[Improvement] Use ByteString#asReadOnlyByteBuffer to reduce the memory allocation and GC pressure #674

zuston · 2023-03-02T04:02:12Z

Code of Conduct

I agree to follow this project's Code of Conduct

Search before asking

I have searched in the issues and found no similar issues.

What would you like to be improved?

In our production environment, the shuffle server is always stopped due to the full GC. After increasing more memory, it still occurs, that makes me confused. So I suspect some abusing memory exists in uniffle.

After digging into the Grpc service api of sendShuffleData, I found something is abnormal. Please see this part code.

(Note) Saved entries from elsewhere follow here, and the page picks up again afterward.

(* Let $\mathcal{H}$ be a real Hilbert space, $\Gamma\subseteq\mathbb{R}_{++}$ nonempty, $(T_\gamma)_{\gamma\in\Gamma}$ a family of operators on $\mathcal{H}$ with $\operatorname{Fix}T_\gamma\neq\emptyset$ for all $\gamma\in\Gamma$, and $(\mathcal{Q}_{\delta\leftarrow\gamma})_{\gamma,\delta\in\Gamma}$ fixed-point relocators for $(T_\gamma)_{\gamma\in\Gamma}$. Suppose that for each bounded subset $S\subseteq\bigcup_{\gamma\in\Gamma}(\operatorname{Fix}T_\gamma\times\{\gamma\})$ there exists $L>0$ with $\|\mathcal{Q}_{\delta\leftarrow\gamma}x-\mathcal{Q}_{\gamma\leftarrow\gamma}x\|\le L|\delta-\gamma|$ for all $\delta\in\Gamma$ and $(x,\gamma)\in S$, and that $(\gamma_n)_{n\in\mathbb{N}}\subseteq\Gamma$ converges $R$-linearly to $\gamma^*\in\Gamma$. Given $c_0\in\operatorname{Fix}T_{\gamma_0}$, define $c_{n+1}:=\mathcal{Q}_{\gamma_{n+1}\leftarrow\gamma_n}c_n$ for all $n\in\mathbb{N}$. Then $c_n\in\operatorname{Fix}T_{\gamma_n}$ for all $n\in\mathbb{N}$, and $(c_n)_{n\in\mathbb{N}}$ converges $R$-linearly to $\mathcal{Q}_{\gamma^*\leftarrow\gamma_0}c_0\in\operatorname{Fix}T_{\gamma^*}$.
   Context: $\operatorname{Fix}T=\{x:Tx=x\}$. Fixed-point relocators: given a nonempty $\Gamma\subseteq\mathbb{R}_{++}$ and operators $(T_\gamma)_{\gamma\in\Gamma}$ on $\mathcal{H}$, a family of operators $(\mathcal{Q}_{\delta\leftarrow\gamma})_{\delta,\gamma\in\Gamma}$ on $\mathcal{H}$ is called fixed-point relocators for $(T_\gamma)$ (with Lipschitz constants $(\mathcal{L}_{\delta\leftarrow\gamma})$ in $[1,\infty)$) if: (a) for all $\gamma,\delta\in\Gamma$, the restriction of $\mathcal{Q}_{\delta\leftarrow\gamma}$ to $\operatorname{Fix}T_\gamma$ is a bijection onto $\operatorname{Fix}T_\delta$; (b) for all $\gamma\in\Gamma$ and $x\in\operatorname{Fix}T_\gamma$, $\delta\mapsto\mathcal{Q}_{\delta\leftarrow\gamma}x$ is continuous on $\Gamma$; (c) for all $\gamma,\delta,\epsilon\in\Gamma$ and $x\in\operatorname{Fix}T_\gamma$, $\mathcal{Q}_{\epsilon\leftarrow\delta}\mathcal{Q}_{\delta\leftarrow\gamma}x=\mathcal{Q}_{\epsilon\leftarrow\gamma}x$; (d) each $\mathcal{Q}_{\delta\leftarrow\gamma}$ is $\mathcal{L}_{\delta\leftarrow\gamma}$-Lipschitz. A sequence $(a_n)$ converges $R$-linearly to $a$ if there exist $C\ge0$, $r\in(0,1)$ with $\|a_n-a\|\le Cr^n$ for all $n$. *)

From HB Require Import structures.
From mathcomp Require Import all_boot all_order all_algebra.
From mathcomp Require Import all_classical all_reals all_analysis.
Set Implicit Arguments. Unset Strict Implicit. Unset Printing Implicit Defensive.
Import Order.TTheory GRing.Theory Num.Theory.
Import numFieldNormedType.Exports.
Local Open Scope classical_set_scope.
Local Open Scope ring_scope.

(* A real Hilbert space: a complete normed space over the reals whose norm
   is induced by a (symmetric, bilinear, positive) inner product [ip]. *)
Definition is_inner_product (R : realType) (V : completeNormedModType R)
  (ip : V -> V -> R) : Prop :=
  [/\ (forall x y, ip x y = ip y x),
      (forall a x y z, ip (a *: x + y) z = a * ip x z + ip y z)
    & (forall x, ip x x = `|x| ^+ 2)].

Definition Fix (V : Type) (T : V -> V) : set V := [set x | T x = x].

Definition lipschitz_with (R : realType) (V : normedModType R)
  (L : R) (f : V -> V) : Prop :=
  forall x y, `|f x - f y| <= L * `|x - y|.

(* Fixed-point relocators (Q d g is Q_{d <- g}) *)
Definition fixed_point_relocators (R : realType) (V : normedModType R)
  (Gamma : set R) (T : R -> V -> V) (Q : R -> R -> V -> V) : Prop :=
  [/\
      (forall g d, Gamma g -> Gamma d -> set_bij (Fix (T g)) (Fix (T d)) (Q d g)),
      (forall g x, Gamma g -> Fix (T g) x ->
         {within Gamma, continuous (fun d => Q d g x)}),
      (forall g d e x, Gamma g -> Gamma d -> Gamma e -> Fix (T g) x ->
         Q e d (Q d g x) = Q e g x)
    &
      (forall g d, Gamma g -> Gamma d ->
         exists L : R, 1 <= L /\ lipschitz_with L (Q d g))].

Definition R_linear_cvg (R : realType) (V : normedModType R)
  (a : nat -> V) (l : V) : Prop :=
  exists C r : R, 0 <= C /\ 0 < r < 1 /\
    forall n, `|a n - l| <= C * r ^+ n.

Definition bounded_pairs (R : realType) (V : normedModType R)
  (S : set (V * R)) : Prop :=
  exists M : R, forall p, S p -> `|p.1| <= M /\ `|p.2| <= M.

(* By the composition rule, c_n = Q_{γ_n←γ∞} c∞ with c∞ := Q_{γ∞←γ_0} c_0,
   and Q_{γ∞←γ∞} fixes c∞ since it is an injective idempotent on Fix T_{γ∞}.
   The Lipschitz-in-δ hypothesis at the single point (c∞, γ∞) then gives
   ‖c_n − c∞‖ ≤ L |γ_n − γ∞|, so c inherits the R-linear rate of γ. *)
From HB Require Import structures.
From mathcomp Require Import all_boot all_order all_algebra.
From mathcomp Require Import all_classical all_reals all_analysis.
Set Implicit Arguments. Unset Strict Implicit. Unset Printing Implicit Defensive.
Import Order.TTheory GRing.Theory Num.Theory.
Import numFieldNormedType.Exports.
Local Open Scope classical_set_scope.
Local Open Scope ring_scope.

Lemma R_linear_cvg_dominated (R : realType) (V W : normedModType R)
    (a : nat -> V) (l : V) (b : nat -> W) (m : W) (L : R) :
  0 <= L -> (forall n, `|a n - l| <= L * `|b n - m|) ->
  R_linear_cvg b m -> R_linear_cvg a l.
Proof.
move=> L0 ab [C [r [C0 [r01 bC]]]].
exists (L * C), r; split; first exact: mulr_ge0.
split=> // n; apply: le_trans (ab n) _.
by rewrite -mulrA ler_wpM2l.
Qed.

Definition relocators_lipschitz_on_bounded (R : realType) (V : normedModType R)
    (Gamma : set R) (T : R -> V -> V) (Q : R -> R -> V -> V) : Prop :=
  forall S : set (V * R),
    S `<=` [set p | Gamma p.2 /\ Fix (T p.2) p.1] ->
    bounded_pairs S ->
    exists L : R, 0 < L /\
      forall d p, Gamma d -> S p ->
        `|Q d p.2 p.1 - Q p.2 p.2 p.1| <= L * `|d - p.2|.

Section Relocators.
Variables (R : realType) (V : normedModType R).
Variables (Gamma : set R) (T : R -> V -> V) (Q : R -> R -> V -> V).
Hypothesis relocQ : fixed_point_relocators Gamma T Q.

Lemma relocator_fix g d x :
  Gamma g -> Gamma d -> Fix (T g) x -> Fix (T d) (Q d g x).
Proof.
case: relocQ => bijQ _ _ _ Gg Gd; case: (bijQ g d Gg Gd) => mapQ _ _.
exact: mapQ.
Qed.

Lemma relocator_comp g d e x : Gamma g -> Gamma d -> Gamma e ->
  Fix (T g) x -> Q e d (Q d g x) = Q e g x.
Proof. by case: relocQ => _ _ compQ _; exact: compQ. Qed.

Lemma relocator_self g x : Gamma g -> Fix (T g) x -> Q g g x = x.
Proof.
move=> Gg Fx; case: relocQ => bijQ _ _ _; case: (bijQ g g Gg Gg) => _ injQ _.
apply: injQ; rewrite ?inE //; first exact: relocator_fix.
by rewrite relocator_comp.
Qed.

Lemma relocated_seqE (gam : nat -> R) (c : nat -> V) :
  (forall n, Gamma (gam n)) -> Fix (T (gam 0%N)) (c 0%N) ->
  (forall n, c n.+1 = Q (gam n.+1) (gam n) (c n)) ->
  forall n, c n = Q (gam n) (gam 0%N) (c 0%N).
Proof.
move=> Ggam Fc0 cS; elim=> [|n IHn]; first by rewrite relocator_self.
by rewrite cS IHn relocator_comp.
Qed.

Lemma relocator_lipschitz_at g x :
  relocators_lipschitz_on_bounded Gamma T Q -> Gamma g -> Fix (T g) x ->
  exists2 L : R, 0 < L & forall d, Gamma d -> `|Q d g x - x| <= L * `|d - g|.
Proof.
move=> lipQ Gg Fx.
have pointS : [set (x, g)] `<=` [set p | Gamma p.2 /\ Fix (T p.2) p.1].
  by move=> p ->.
have boundedS : bounded_pairs [set (x, g)].
  by exists (Num.max `|x| `|g|) => p -> /=; rewrite !le_max !lexx orbT.
have [L [L0 QL]] := lipQ _ pointS boundedS.
exists L => // d Gd.
by rewrite -[X in _ - X](relocator_self Gg Fx); exact: (QL d (x, g)).
Qed.

End Relocators.

Theorem lemma3p5 (R : realType) (V : completeNormedModType R)
  (ip : V -> V -> R) (Gamma : set R) (T : R -> V -> V) (Q : R -> R -> V -> V)
  (gam : nat -> R) (gstar : R) (c : nat -> V) :
  is_inner_product ip ->
  Gamma `<=` [set x | 0 < x] ->
  Gamma !=set0 ->
  (forall g, Gamma g -> Fix (T g) !=set0) ->
  fixed_point_relocators Gamma T Q ->
  (forall S : set (V * R),
     S `<=` [set p | Gamma p.2 /\ Fix (T p.2) p.1] ->
     bounded_pairs S ->
     exists L : R, 0 < L /\
       forall d p, Gamma d -> S p ->
         `|Q d p.2 p.1 - Q p.2 p.2 p.1| <= L * `|d - p.2|) ->
  (forall n, Gamma (gam n)) ->
  Gamma gstar ->
  R_linear_cvg gam gstar ->
  Fix (T (gam 0%N)) (c 0%N) ->
  (forall n, c n.+1 = Q (gam n.+1) (gam n) (c n)) ->
  (forall n, Fix (T (gam n)) (c n)) /\
  Fix (T gstar) (Q gstar (gam 0%N) (c 0%N)) /\
  R_linear_cvg c (Q gstar (gam 0%N) (c 0%N)).
Proof.
move=> _ _ _ _ relocQ lipQ Ggam Gstar gam_cvg Fc0 cS.
have Ggam0 := Ggam 0%N.
have cE := relocated_seqE relocQ Ggam Fc0 cS.
have Fc n : Fix (T (gam n)) (c n) by rewrite cE; apply: (relocator_fix relocQ).
set cstar := Q gstar (gam 0%N) (c 0%N).
have Fcstar : Fix (T gstar) cstar by apply: (relocator_fix relocQ).
have cstarE n : c n = Q (gam n) gstar cstar by rewrite cE /cstar (relocator_comp relocQ) //; exact: Ggam.
have [L L0 QL] := relocator_lipschitz_at relocQ lipQ Gstar Fcstar.
split=> //; split=> //.
apply: (R_linear_cvg_dominated (ltW L0) _ gam_cvg) => n.
by rewrite cstarE; exact: QL.
Qed.
(* In the setting below, for $x\in V_1$, $\lambda\in F^\times$ and $y\in\mathrm{GSpin}(V_1)(F)$, the element $n(x)m(\lambda,y)$ lies in $\mathrm{Clif}(\Lambda)$ if and only if $y$, $\lambda y$ and $xy$ all lie in $\mathrm{Clif}(\Lambda_1)$.
   Context: $F$ is a $p$-adic local field with ring of integers $\mathcal{O}_F$. $V$ is a quasisplit quadratic space: $V=U^\vee\oplus V_E\oplus U$, $U^\vee=\mathrm{span}(e_1,\dots,e_n)$, $U=\mathrm{span}(f_1,\dots,f_n)$ isotropic, $(e_i,f_j)=\delta_{ij}$ for the bilinear form $(v,w)=q(v+w)-q(v)-q(w)$, $V_E\perp U^\vee\oplus U$ identified with $E$ with form $N_{E/F}$ ($E=F$, $N(t)=t^2$, or $E$ quadratic étale); $n\ge1$. $\Lambda=\bigoplus\mathcal{O}_Fe_i\oplus\mathcal{O}_E\oplus\bigoplus\mathcal{O}_Ff_i$; $V_1=\mathrm{span}(e_2,\dots,e_n,f_2,\dots,f_n)\oplus V_E$, so $V=Fe_1\oplus V_1\oplus Ff_1$; $\Lambda_1=\Lambda\cap V_1$. $\mathrm{Clif}(\cdot)$ denotes Clifford algebras (tensor algebra modulo $v\otimes v-q(v)$), $\mathrm{Clif}(V_1)\subseteq\mathrm{Clif}(V)$, and for a lattice $L$, $\mathrm{Clif}(L)$ is the $\mathcal{O}_F$-subalgebra generated by $L$. $\mathrm{GSpin}(V_1)(F)=\{g\in\mathrm{Clif}^+(V_1):g^*g\in F^\times,\ g^*V_1g\subseteq V_1\}$ with $*$ the order-reversing anti-involution. Products below are in $\mathrm{Clif}(V)$: $n(x)=1+f_1x$ for $x\in V_1$, and $m(\lambda,y)=(e_1f_1+\lambda f_1e_1)\,y$. *)

From HB Require Import structures.
From mathcomp Require Import all_boot all_order all_algebra all_field.
Set Implicit Arguments. Unset Strict Implicit. Unset Printing Implicit Defensive.
Import GRing.Theory.
Local Open Scope ring_scope.
(** * Permuting coordinates *)

Definition submanifold_at {K : numFieldType} {n : nat} (k : nat) (M : set 'rV[K]_n)
    (p : 'rV[K]_n) :=
  exists (U : set 'rV[K]_n) (F : 'rV[K]_n -> 'rV[K]_(n - k)),
    [/\ open U, U p, smooth_on U F, (forall x, U x -> (M x <-> F x = 0)) &
        \rank (Defs.jacobian F p) = (n - k)%N].

Section CoordinatePermutation.
Variables (K : numFieldType) (n : nat) (s : 'S_n).
Implicit Types (x v : 'rV[K]_n).

Lemma continuous_col_perm : continuous (col_perm s : 'rV[K]_n -> 'rV[K]_n).
Proof.
have -> : col_perm s = pmap (fun j => PVar (s j)) :> ('rV[K]_n -> 'rV[K]_n).
  by apply/funext => x; apply/rowP => j; rewrite !mxE.
exact: continuous_pmap.
Qed.

Lemma col_perm_eq0 v : (col_perm s v == 0) = (v == 0).
Proof.
apply/eqP/eqP => [|->]; last by apply/rowP => i; rewrite !mxE.
move/(congr1 (col_perm s^-1%g)); rewrite -col_permM mulVg col_perm1 => ->.
by apply/rowP => i; rewrite !mxE.
Qed.

Lemma col_perm_delta i : col_perm s (delta_mx 0 i : 'rV[K]_n) = delta_mx 0 (s^-1%g i).
Proof. by apply/rowP => j; rewrite !mxE (canF_eq (permK s)). Qed.

Lemma mxrank_row_perm m (t : 'S_n) (A : 'M[K]_(n, m)) : \rank (row_perm t A) = \rank A.
Proof. by rewrite row_permE eqmxMfull // row_full_unit unitmx_perm. Qed.

Section Composition.
Variables (m : nat) (F : 'rV[K]_n -> 'rV[K]_m).
(* Let $Q$ be a quiver, $\Bbbk$ an algebraically closed field, and $I\subset \Bbbk Q$ a non-zero two-sided ideal of the path algebra. Let $a\in I$ be written as $a=\sum_{\omega}c_\omega\,\omega$ (finite sum over paths $\omega$ of $Q$, $c_\omega\in\Bbbk$). Then every path $\omega$ with $c_\omega\neq 0$ which is the only path of $Q$ having its head and its tail (i.e. $\omega\in\mathcal{A}$) belongs to $I$.
   Context: Paths of $Q$ include the trivial paths $\varepsilon_x$ at each vertex $x$. Each path $\omega$ has a head $\mathbf{h}(\omega)$ and tail $\mathbf{t}(\omega)$; the product $\omega_1\omega_2$ of paths in $\Bbbk Q$ is their concatenation (first $\omega_2$, then $\omega_1$) if $\mathbf{h}(\omega_2)=\mathbf{t}(\omega_1)$ and $0$ otherwise; the paths form a basis of $\Bbbk Q$. $\mathcal{A}$ denotes the set of paths $\omega$ such that no other path $\upsilon\ne\omega$ satisfies $\mathbf{h}(\upsilon)=\mathbf{h}(\omega)$ and $\mathbf{t}(\upsilon)=\mathbf{t}(\omega)$. *)

From HB Require Import structures.
From mathcomp Require Import all_boot all_order all_algebra.
From mathcomp Require Import finmap.
From mathcomp.multinomials Require Import monalg.

Set Implicit Arguments.
Unset Strict Implicit.
Unset Printing Implicit Defensive.

Import GRing.Theory.
Local Open Scope ring_scope.

Section Quiver.
(* A quiver: vertices V, arrows A, each arrow alpha has a tail [qt alpha]
   (its start) and a head [qh alpha] (its end). *)
Variables (V A : choiceType) (qt qh : A -> V).

Fixpoint valid (x : V) (s : seq A) : bool :=
  if s is a :: s' then (qt a == x) && valid (qh a) s' else true.

Definition qpath := {p : V * seq A | valid p.1 p.2}.

Definition ptail (w : qpath) : V := (val w).1.
Definition phead (w : qpath) : V := last (val w).1 [seq qh a | a <- (val w).2].

Definition ptriv (x : V) : qpath := @exist _ (fun p => valid p.1 p.2) (x, [::]) isT.

(* [pcat w1 w2] : the concatenation w1 w2 (first w2, then w1), defined
   when h(w2) = t(w1). *)
Definition pcat (w1 w2 : qpath) : option qpath :=
  if phead w2 == ptail w1 then
    (insub (ptail w2, (val w2).2 ++ (val w1).2) : option qpath)
  else None.

Variable k : fieldType.

Definition pathalg := {malg k[qpath]}.

Definition pbasis (w : qpath) : pathalg := << w >>.

Definition pbmul (w1 w2 : qpath) : pathalg :=
  if pcat w1 w2 is Some w then << w >> else 0.

Definition pmul (a b : pathalg) : pathalg :=
  \sum_(u <- msupp a) \sum_(v <- msupp b) (a@_u * b@_v) *: pbmul u v.

Definition is_ideal (I : pathalg -> Prop) : Prop :=
  [/\ I 0,
      (forall x y, I x -> I y -> I (x + y)),
      (forall (c : k) x, I x -> I (c *: x)),
      (forall a x, I x -> I (pmul a x)) &
      (forall a x, I x -> I (pmul x a))].

Definition inA (w : qpath) : Prop :=
  forall v : qpath, phead v = phead w -> ptail v = ptail w -> v = w.

End Quiver.

From HB Require Import structures.
From mathcomp Require Import all_boot all_order all_algebra.
From mathcomp Require Import finmap.
From mathcomp.multinomials Require Import monalg.

(* Multiplying a by the trivial paths at h(w) on the left and at t(w) on the
   right keeps exactly the terms of a whose paths go from t(w) to h(w).  When
   w is the only such path, this two-sided product is a_w w, which therefore
   lies in I; dividing by a_w gives w in I. *)

Set Implicit Arguments.
Unset Strict Implicit.
Unset Printing Implicit Defensive.

Import GRing.Theory.
Local Open Scope ring_scope.

Section Restriction.
Variables (K : choiceType) (G : zmodType).

Definition mrestrict (P : pred K) (g : {malg G[K]}) : {malg G[K]} :=
  [malg v in msupp g => if P v then g@_v else 0].

Lemma mcoeff_restrict P g z : (mrestrict P g)@_z = if P z then g@_z else 0.
Proof. by rewrite mcoeffE; case: msuppP => //; case: (P z). Qed.

Lemma mrestrictE P g :
  mrestrict P g = \sum_(v <- msupp g) << (if P v then g@_v else 0) *g v >>.
Proof.
have supp_le : (msupp (mrestrict P g) `<=` msupp g)%fset.
  apply/fsubsetP=> z; rewrite -!mcoeff_neq0 mcoeff_restrict.
  by case: (P z); rewrite ?eqxx.
rewrite {1}(monalgEw supp_le); apply: eq_bigr => v _.
by rewrite mcoeff_restrict.
Qed.

End Restriction.

Lemma malgZU (K : choiceType) (R : nzRingType) (c x : R) (v : K) :
  c *: << x *g v >> = << c * x *g v >> :> {malg R[K]}.
Proof. by apply/malgP=> z; rewrite mcoeffZ !mcoeffU mulrnAr. Qed.

Section TrivialPaths.
Variables (V A : choiceType) (qt qh : A -> V).
Local Notation path := (qpath qt qh).
Local Notation ptriv := (ptriv qt qh).

Lemma pcat_ptrivl (x : V) (v : path) :
  pcat (ptriv x) v = if phead v == x then Some v else None.
Proof.
rewrite /pcat /=; case: eqP => // _.
by rewrite cats0; case: v => [[y s] ?]; apply: valK.
Qed.

Lemma pcat_ptrivr (x : V) (v : path) :
  pcat v (ptriv x) = if ptail v == x then Some v else None.
Proof.
rewrite /pcat /phead /= eq_sym; case: eqP => // <-.
by case: v => [[y s] ?]; apply: valK.
Qed.

Variable k : fieldType.
Local Notation pmul := (@pmul V A qt qh k).
Local Notation pbasis := (pbasis k).

Lemma msupp_pbasis (w : path) : msupp (pbasis w) = [fset w]%fset.
Proof. by rewrite /pbasis msuppU oner_eq0. Qed.

Lemma pmul_ptrivl (x : V) (b : pathalg qt qh k) :
  pmul (pbasis (ptriv x)) b = mrestrict (fun v => phead v == x) b.
Proof.
rewrite mrestrictE /pmul msupp_pbasis big_seq_fset1; apply: eq_bigr => v _.
rewrite /pbmul pcat_ptrivl /pbasis mcoeffUU mul1r.
by case: ifP; rewrite ?scaler0 ?monalgU0 // malgZU mulr1.
Qed.

Lemma pmul_ptrivr (x : V) (b : pathalg qt qh k) :
  pmul b (pbasis (ptriv x)) = mrestrict (fun v => ptail v == x) b.
Proof.
rewrite mrestrictE /pmul; apply: eq_bigr => v _.
rewrite msupp_pbasis big_seq_fset1 /pbmul pcat_ptrivr /pbasis mcoeffUU mulr1.
by case: ifP; rewrite ?scaler0 ?monalgU0 // malgZU mulr1.
Qed.

Lemma pmul_ptriv_inA (a : pathalg qt qh k) (w : path) : inA w ->
  pmul (pmul (pbasis (ptriv (phead w))) a) (pbasis (ptriv (ptail w)))
  = a@_w *: pbasis w.
Proof.
move=> Aw; apply/malgP=> z.
rewrite pmul_ptrivr pmul_ptrivl !mcoeff_restrict mcoeffZ mcoeffU.
have [->|neq_zw] := eqVneq z w; first by rewrite !eqxx mulr1.
rewrite mulr0; have [tz|//] := eqVneq (ptail z) (ptail w).
have [hz|//] := eqVneq (phead z) (phead w).
by case/eqP: neq_zw; apply: Aw.
Qed.

Lemma ideal_pbasis_inA (I : pathalg qt qh k -> Prop) (a : pathalg qt qh k)
    (w : path) :
  is_ideal I -> I a -> a@_w != 0 -> inA w -> I (pbasis w).
Proof.
move=> [_ _ IZ IMl IMr] Ia aw_neq0 Aw.
have := IZ (a@_w)^-1 _ (IMr (pbasis (ptriv (ptail w))) _
                          (IMl (pbasis (ptriv (phead w))) _ Ia)).
by rewrite pmul_ptriv_inA // scalerA mulVf // scale1r.
Qed.

End TrivialPaths.

Theorem lemma1 (V A : choiceType) (qt qh : A -> V) (k : closedFieldType)
  (I : pathalg qt qh k -> Prop) :
  is_ideal I -> (exists x, I x /\ x <> 0) ->
  forall a : pathalg qt qh k, I a ->
  forall w : qpath qt qh, a@_w != 0 -> inA w -> I (pbasis k w).
Proof. by move=> idealI _ a Ia w; apply: ideal_pbasis_inA. Qed.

incubator-uniffle/server/src/main/java/org/apache/uniffle/server/ShuffleServerGrpcService.java

Lines 751 to 769 in 1fbdfe5

    
           private ShufflePartitionedBlock[] toPartitionedBlock(List<ShuffleBlock> blocks) { 
        
             if (blocks == null || blocks.size() == 0) { 
        
               return new ShufflePartitionedBlock[]{}; 
        
             } 
        
             ShufflePartitionedBlock[] ret = new ShufflePartitionedBlock[blocks.size()]; 
        
             int i = 0; 
        
             for (ShuffleBlock block : blocks) { 
        
               ret[i] = new ShufflePartitionedBlock( 
        
                   block.getLength(), 
        
                   block.getUncompressLength(), 
        
                   block.getCrc(), 
        
                   block.getBlockId(), 
        
                   block.getTaskAttemptId(), 
        
                   block.getData().toByteArray()); 
        
               i++; 
        
             } 
        
             return ret; 
        
           }

The byte[] will always be created in the invoking of block.getData().toByteArray(), which will cause GC if receiving data speed is high. And this has been proved in our dashboard

Besides, the byte[] will be created when reading shuffle data in memory, which may be not the main factor to trigger this. Anyway, it also should be fixed.

How should we improve?

We could use the block.getData().asReadOnlyByteBuffer() to replace toByteArray to avoid unnecessary memory allocation.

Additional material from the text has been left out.